#### Task:
As soon as the line containing "eapply (@ex_series_ext C_AbsRing C_NormedModule); [|exact" appears in the material below, start returning lines exactly, and end with the line containing "intros Ha Hb z Hz.".

#### Data:
(* Let $\mathcal A$ be a class of spaces and let $X$ be a compactum with a binary normal closed subbase $\mathcal S$ such that the superextension $\lambda X$ is an absolute extensor for all spaces in $\mathcal A$. Then every open $\mathcal S$-convex continuous surjection $f\colon X\to Y$ is $\mathcal A$-soft.
   Context: All spaces are Tychonoff and maps continuous. A space $K$ is an absolute extensor for $Z$ if every continuous map from a closed subset of $Z$ to $K$ extends continuously to $Z$. A map $f\colon X\to Y$ is $\mathcal A$-soft if for any $Z\in\mathcal A$, closed $A\subset Z$ and continuous $k\colon Z\to Y$, $h\colon A\to X$ with $f\circ h=k|A$, there is a continuous $g\colon Z\to X$ extending $h$ with $f\circ g=k$. A family of sets is linked if any two members intersect. The superextension $\lambda X$ is the set of all maximal linked systems of closed subsets of $X$ with the topology generated by the subbase $\{U^+:U\subset X\text{ open}\}$, $U^+=\{\eta\in\lambda X:F\subset U\text{ for some }F\in\eta\}$. A family $\mathcal S$ of closed subsets of $X$ is a closed subbase if every closed set is an intersection of finite unions of members of $\mathcal S$; it is binary if every linked subfamily has nonempty intersection; it is normal if for every disjoint $S_0,S_1\in\mathcal S$ there exist $T_0,T_1\in\mathcal S$ with $S_0\cap T_1=\varnothing=T_0\cap S_1$ and $T_0\cup T_1=X$. For $B\subset X$, $I_{\mathcal S}(B)=\bigcap\{S\in\mathcal S:B\subset S\}$; $B$ is $\mathcal S$-convex if $I_{\mathcal S}(\{x,y\})\subset B$ for all $x,y\in B$; $f$ is $\mathcal S$-convex if all its fibers are $\mathcal S$-convex. *)

From HB Require Import structures.
From mathcomp Require Import all_boot all_order.
From mathcomp Require Import all_classical.
From mathcomp Require Import topology normedtype.
Set Implicit Arguments. Unset Strict Implicit. Unset Printing Implicit Defensive.
Local Open Scope classical_set_scope.

Definition tychonoff_space (T : topologicalType) : Prop :=
  completely_regular_space T /\ hausdorff_space T.

Definition compactum (T : topologicalType) : Prop :=
  compact [set: T] /\ hausdorff_space T.

Definition linked {X : Type} (L : set (set X)) : Prop :=
  forall A B, L A -> L B -> A `&` B !=set0.

Definition mls {X : topologicalType} (eta : set (set X)) : Prop :=
  [/\ (forall F, eta F -> closed F), linked eta &
      forall eta' : set (set X), (forall F, eta' F -> closed F) ->
        linked eta' -> eta `<=` eta' -> eta' = eta].
Let is_derive_tail_flnf : is_derive t 1 tail_flnf (- (f t * ln (f t))).
Proof. exact/is_derive_tail_integral/(cvgM cf continuous_ln_f). Qed.

Let is_derive_tail_flnf2 : is_derive t 1 tail_flnf2 (- (f t * ln (f t) ^+ 2)).
Proof.
exact/is_derive_tail_integral/(cvgM cf (cvgM continuous_ln_f continuous_ln_f)).
Qed.

Lemma is_derive_scaled_varentropy : is_derive t 1 scaled_varentropy
  (- f t * (residual_entropy f t + ln (hazard f t)) ^+ 2).
Proof.
rewrite residual_entropy_add_ln_hazard //.
have := is_deriveB is_derive_tail_flnf2 (is_deriveM (is_deriveM
  is_derive_tail_flnf is_derive_tail_flnf) (is_deriveV (lt0r_neq0 Ft) is_derive_survival)).
have -> : tail_flnf2 - tail_flnf * tail_flnf * (fun x => (survival f x)^-1)
    = scaled_varentropy by apply/funext => x; rewrite /scaled_varentropy !fctE.
have scaleE (a b : R) : a *: b = a * b by [].
congr is_derive; rewrite /= !fctE !scaleE.
by field; exact: lt0r_neq0.
Qed.

End derivative.

Lemma continuous_scaled_varentropy (t : R) : 0 < survival f t ->
  {for t, continuous scaled_varentropy}.
Proof.
move=> Ft; apply: cvgB; first exact: continuous_tail_integral.
apply: cvgM; first by apply: cvgM; exact: continuous_tail_integral.
by apply: cvgV; [exact: lt0r_neq0 | exact: continuous_tail_integral].
Qed.

Section support.
Variable r : \bar R.
Hypotheses (f_gt0 : forall t, 0 < t -> (t%:E < r)%E -> 0 < f t)
  (f_cont : forall t, 0 < t -> (t%:E < r)%E -> {for t, continuous f}).

Let exists_gt_lt_r (t : R) : (t%:E < r)%E -> exists2 s, t < s & (s%:E < r)%E.
Proof.
case: r => [r'||] //= tr; last by exists (t + 1); [rewrite ltrDl | exact: ltry].
by exists ((t + r') / 2); rewrite ?lte_fin; rewrite lte_fin in tr; lra.
Qed.

Let near_support (t : R) : 0 < t -> (t%:E < r)%E ->
  \forall x \near t, 0 < x /\ (x%:E < r)%E.
Proof.
move=> t0; case: r => [r'||] //= tr; near=> x;
  (split; first by near: x; exact: lt_nbhsr).
  by rewrite lte_fin; near: x; apply: lt_nbhsl; rewrite -lte_fin.
exact: ltry.
Unshelve. all: by end_near. Qed.

Lemma survival_gt0 (t : R) : 0 <= t -> (t%:E < r)%E -> 0 < survival f t.
Proof.
move=> t0 tr; have [s ts sr] := exists_gt_lt_r t tr.
have in_support x : t < x -> x < s -> 0 < x /\ (x%:E < r)%E.
  move=> tx xs; split; first exact: le_lt_trans tx.
  by apply: lt_trans sr; rewrite lte_fin.
have dF x : x \in `]t, s[ -> is_derive x 1 (survival f) (- f x).
  rewrite in_itv /= => /andP[tx xs]; have [x0 xr] := in_support x tx xs.
  exact: is_derive_tail_integral integrable_f x (f_cont x x0 xr).
have cF : {within `[t, s], continuous (survival f)}.
  by apply/continuous_subspaceT => x; exact: continuous_tail_integral.
have [c] := MVT ts dF cF; rewrite in_itv /= => /andP[tc cs].
have [c0 cr] := in_support c tc cs.
have Fs : 0 <= survival f s by apply: Rintegral_ge0 => x _.
have : 0 < f c * (s - t) by rewrite mulr_gt0 ?subr_gt0 ?f_gt0.
lra.
Qed.

Let is_derive_scaled_varentropy_sub (k t : R) : 0 < t -> (t%:E < r)%E ->
  is_derive t 1 (fun x => scaled_varentropy x - k * survival f x)
    (f t * (k - (residual_entropy f t + ln (hazard f t)) ^+ 2)).
Proof.
move=> t0 tr; have Ft := survival_gt0 t (ltW t0) tr.
have := is_deriveB (is_derive_scaled_varentropy t (f_gt0 t t0 tr) (f_cont t t0 tr) Ft)
  (is_deriveZ k (is_derive_tail_integral _ integrable_f _ (f_cont t t0 tr))).
have -> : scaled_varentropy - k \*: survival f
    = (fun x => scaled_varentropy x - k * survival f x) by [].
by congr is_derive; rewrite /GRing.scale /=; ring.
Qed.
(* Let $\mathcal{G}\subset\mathcal{S}$ be closed under convolution (i.e. $f*F\in\mathcal{G}$ whenever $f,F\in\mathcal{G}$), and let $\mathcal{G}_H^0$ be its harmonic analogue. Then: (i) for every $f\in\mathcal{G}_H^0$, $f*f\in\mathcal{G}_H^0$; (ii) if $(f+F)/2\in\mathcal{G}$ for all $f,F\in\mathcal{G}$, then $\mathcal{G}_H^0$ is closed under convolution, i.e. $f_1*f_2\in\mathcal{G}_H^0$ for all $f_1,f_2\in\mathcal{G}_H^0$.
   Context: $\mathbb{D}$ is the open unit disk. $\mathcal{S}$ is the class of analytic univalent functions $f$ in $\mathbb{D}$ with $f(0)=0$, $f'(0)=1$. For $\mathcal{G}\subset\mathcal{S}$, its harmonic analogue $\mathcal{G}_H^0$ is the class of harmonic functions $f=h+\bar g$ ($h,g$ analytic in $\mathbb{D}$) such that $h+\epsilon g\in\mathcal{G}$ for every $\epsilon\in\mathbb{C}$ with $|\epsilon|=1$. For analytic $f(z)=\sum a_nz^n$, $F(z)=\sum A_nz^n$, the convolution (Hadamard product) is $(f*F)(z)=\sum a_nA_nz^n$. For harmonic $f=h+\bar g$, $F=H+\bar G$, the harmonic convolution is $f*F=h*H+\overline{g*G}$. *)

From Stdlib Require Import Reals.
From Coquelicot Require Import Coquelicot.
Open Scope C_scope.

(* An analytic function in the unit disk D is represented by its Taylor
   coefficients a : nat -> C, f(z) = sum_n a n z^n, the series converging
   for every |z| < 1 (i.e. radius of convergence >= 1). *)
Definition coeffs := nat -> C.

Definition in_disk (z : C) : Prop := (Cmod z < 1)%R.

Definition has_value (a : coeffs) (z v : C) : Prop :=
  is_series (fun n => a n * Cpow z n) v.

Definition analytic_disk (a : coeffs) : Prop :=
  forall z, in_disk z -> ex_series (fun n => a n * Cpow z n).

Definition univalent_disk (a : coeffs) : Prop :=
  forall z1 z2 v, in_disk z1 -> in_disk z2 ->
    has_value a z1 v -> has_value a z2 v -> z1 = z2.

(* The class S: analytic univalent in D with f(0)=0 (a_0 = 0), f'(0)=1 (a_1 = 1). *)
Definition classS (a : coeffs) : Prop :=
  analytic_disk a /\ univalent_disk a /\ a 0%nat = 0 /\ a 1%nat = 1.

Definition conv (a b : coeffs) : coeffs := fun n => a n * b n.

(* A harmonic function f = h + conj g is represented by the pair (h, g). *)
Definition harm := (coeffs * coeffs)%type.

Definition hconv (f F : harm) : harm :=
  (conv (fst f) (fst F), conv (snd f) (snd F)).

Definition harmonic_analogue (G : coeffs -> Prop) (f : harm) : Prop :=
  analytic_disk (fst f) /\ analytic_disk (snd f) /\
  forall eps : C, Cmod eps = 1%R ->
    G (fun n => fst f n + eps * snd f n).

(* Membership of f = h + conj g in G_H^0 only depends on the analytic functions
   h + eps g, |eps| = 1, and convolutions of such functions are again of this
   shape: (h + s g) * (h - s g) = h * h + eps (g * g) when s^2 = -eps, and
   ((h1 + eps g1) * (h2 + g2) + (h1 - eps g1) * (h2 - g2)) / 2
   = h1 * h2 + eps (g1 * g2).  Analyticity of h and g is recovered from
   eps = 1 and eps = -1, since h and g are the half sum and half difference of
   h + g and h - g. *)

From Stdlib Require Import Reals Lra Psatz FunctionalExtensionality.
From Coquelicot Require Import Coquelicot.
Open Scope C_scope.

Lemma analytic_disk_ext (a b : coeffs) :
  (forall n, a n = b n) -> analytic_disk a -> analytic_disk b.
Proof.
  intros Eab Ha z Hz.
  eapply (@ex_series_ext C_AbsRing C_NormedModule); [|exact (Ha z Hz)].
  intros n; simpl; now rewrite Eab.
Qed.

Lemma analytic_disk_lin_comb (a b : coeffs) (c d : C) :
  analytic_disk a -> analytic_disk b ->
  analytic_disk (fun n => c * a n + d * b n).
Proof.
  intros Ha Hb z Hz.
  pose proof (@ex_series_scal_l C_AbsRing C_NormedModule c _ (Ha z Hz)) as Hca.
  pose proof (@ex_series_scal_l C_AbsRing C_NormedModule d _ (Hb z Hz)) as Hdb.
  eapply (@ex_series_ext C_AbsRing C_NormedModule);
    [|exact (@ex_series_plus C_AbsRing C_NormedModule _ _ Hca Hdb)].
  intros n; simpl.
  change (c * (a n * Cpow z n) + d * (b n * Cpow z n)
          = (c * a n + d * b n) * Cpow z n).
  ring.
Qed.

Lemma Cmod_eq1_sqrt (w : C) :
  Cmod w = 1%R -> exists s : C, Cmod s = 1%R /\ s * s = w.
Proof.
  destruct w as [u v]; intros Hw.
  assert (Huv : (u * u + v * v = 1)%R).
  { pose proof (Cmod2_alt (u, v)) as E; rewrite Hw in E; simpl in E; nra. }
  set (x := sqrt ((1 + u) / 2)); set (y := sqrt ((1 - u) / 2)).
  assert (Hx : (x * x = (1 + u) / 2)%R) by (apply sqrt_sqrt; nra).
  assert (Hy : (y * y = (1 - u) / 2)%R) by (apply sqrt_sqrt; nra).
  (* (2xy)^2 = 1 - u^2 = v^2, so 2xy = v up to the sign of y. *)
  assert (Hxy : (2 * x * y = v \/ 2 * x * (- y) = v)%R).
  { assert (E : ((2 * x * y - v) * (2 * x * y + v) = 0)%R) by nra.
    destruct (Rmult_integral _ _ E); [left | right]; lra. }
  assert (Hmod : forall y', (y' * y' = y * y)%R -> Cmod (x, y') = 1%R).
  { intros y' Hy'; unfold Cmod; simpl.
    replace (x * (x * 1) + y' * (y' * 1))%R with 1%R by nra.
    apply sqrt_1. }
  destruct Hxy as [Hv | Hv].
  - exists (x, y); split; [apply Hmod; reflexivity|].
    unfold Cmult; simpl; f_equal; nra.
  - exists (x, - y)%R; split; [apply Hmod; ring|].
    unfold Cmult; simpl; f_equal; nra.
Qed.

Section HarmonicAnalogue.

Variable G : coeffs -> Prop.
Hypothesis G_classS : forall a, G a -> classS a.

Lemma harmonic_analogueI (h g : coeffs) :
  (forall eps : C, Cmod eps = 1%R -> G (fun n => h n + eps * g n)) ->
  harmonic_analogue G (h, g).
Proof.
  intros HG.
  destruct (G_classS _ (HG 1 Cmod_1)) as [Hplus _].
  destruct (G_classS _ (HG (- (1)) Cmod_m1)) as [Hminus _].
  split; [|split]; [| |exact HG].
  - apply (analytic_disk_ext
             (fun n => / 2 * (h n + 1 * g n) + / 2 * (h n + - (1) * g n))).
    + intros n; simpl; field.
    + now apply analytic_disk_lin_comb.
  - apply (analytic_disk_ext
             (fun n => / 2 * (h n + 1 * g n) + - / 2 * (h n + - (1) * g n))).
    + intros n; simpl; field.
    + now apply analytic_disk_lin_comb.
Qed.

Hypothesis G_conv : forall a b, G a -> G b -> G (conv a b).

Lemma harmonic_analogue_hconv_self (f : harm) :
  harmonic_analogue G f -> harmonic_analogue G (hconv f f).
Proof.
  destruct f as [h g]; intros [_ [_ Hf]]; simpl in Hf.
  apply harmonic_analogueI; intros eps Heps.
  destruct (Cmod_eq1_sqrt (- eps)) as [s [Hs Hss]]; [now rewrite Cmod_opp|].
  assert (Hs' : Cmod (- s) = 1%R) by now rewrite Cmod_opp.
  replace (fun n => _) with (conv (fun n => h n + s * g n) (fun n => h n + - s * g n)).
  - exact (G_conv _ _ (Hf s Hs) (Hf (- s) Hs')).
  - apply functional_extensionality; intros n; unfold conv; simpl.
    replace eps with (- (s * s)) by (rewrite Hss; ring); ring.
Qed.

Hypothesis G_midpoint : forall a b, G a -> G b -> G (fun n => (a n + b n) / 2).

Lemma harmonic_analogue_hconv (f1 f2 : harm) :
  harmonic_analogue G f1 -> harmonic_analogue G f2 ->
  harmonic_analogue G (hconv f1 f2).
Proof.
  destruct f1 as [h1 g1], f2 as [h2 g2]; intros [_ [_ Hf1]] [_ [_ Hf2]].
  simpl in Hf1, Hf2.
  apply harmonic_analogueI; intros eps Heps.
  assert (Heps' : Cmod (- eps) = 1%R) by now rewrite Cmod_opp.
  replace (fun n => _) with
    (fun n => (conv (fun n => h1 n + eps * g1 n) (fun n => h2 n + 1 * g2 n) n
             + conv (fun n => h1 n + - eps * g1 n) (fun n => h2 n + - (1) * g2 n) n)
             / 2).
  - apply G_midpoint; apply G_conv; auto using Cmod_1, Cmod_m1.
  - apply functional_extensionality; intros n; unfold conv; simpl; field.
Qed.

End HarmonicAnalogue.

Theorem theorem2p9 (G : coeffs -> Prop)
  (HGS : forall a, G a -> classS a)
  (HGconv : forall a b, G a -> G b -> G (conv a b)) :
  (forall f : harm, harmonic_analogue G f -> harmonic_analogue G (hconv f f)) /\
  ((forall a b, G a -> G b -> G (fun n => (a n + b n) / 2)) ->
   forall f1 f2 : harm, harmonic_analogue G f1 -> harmonic_analogue G f2 ->
     harmonic_analogue G (hconv f1 f2)).
Proof.
  split.
  - exact (harmonic_analogue_hconv_self G HGS HGconv).
  - intros Hmid; exact (harmonic_analogue_hconv G HGS HGconv Hmid).
Qed.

#### Result of the exercise:
  eapply (@ex_series_ext C_AbsRing C_NormedModule); [|exact (Ha z Hz)].
  intros n; simpl; now rewrite Eab.
Qed.

Lemma analytic_disk_lin_comb (a b : coeffs) (c d : C) :
  analytic_disk a -> analytic_disk b ->
  analytic_disk (fun n => c * a n + d * b n).
Proof.
  intros Ha Hb z Hz.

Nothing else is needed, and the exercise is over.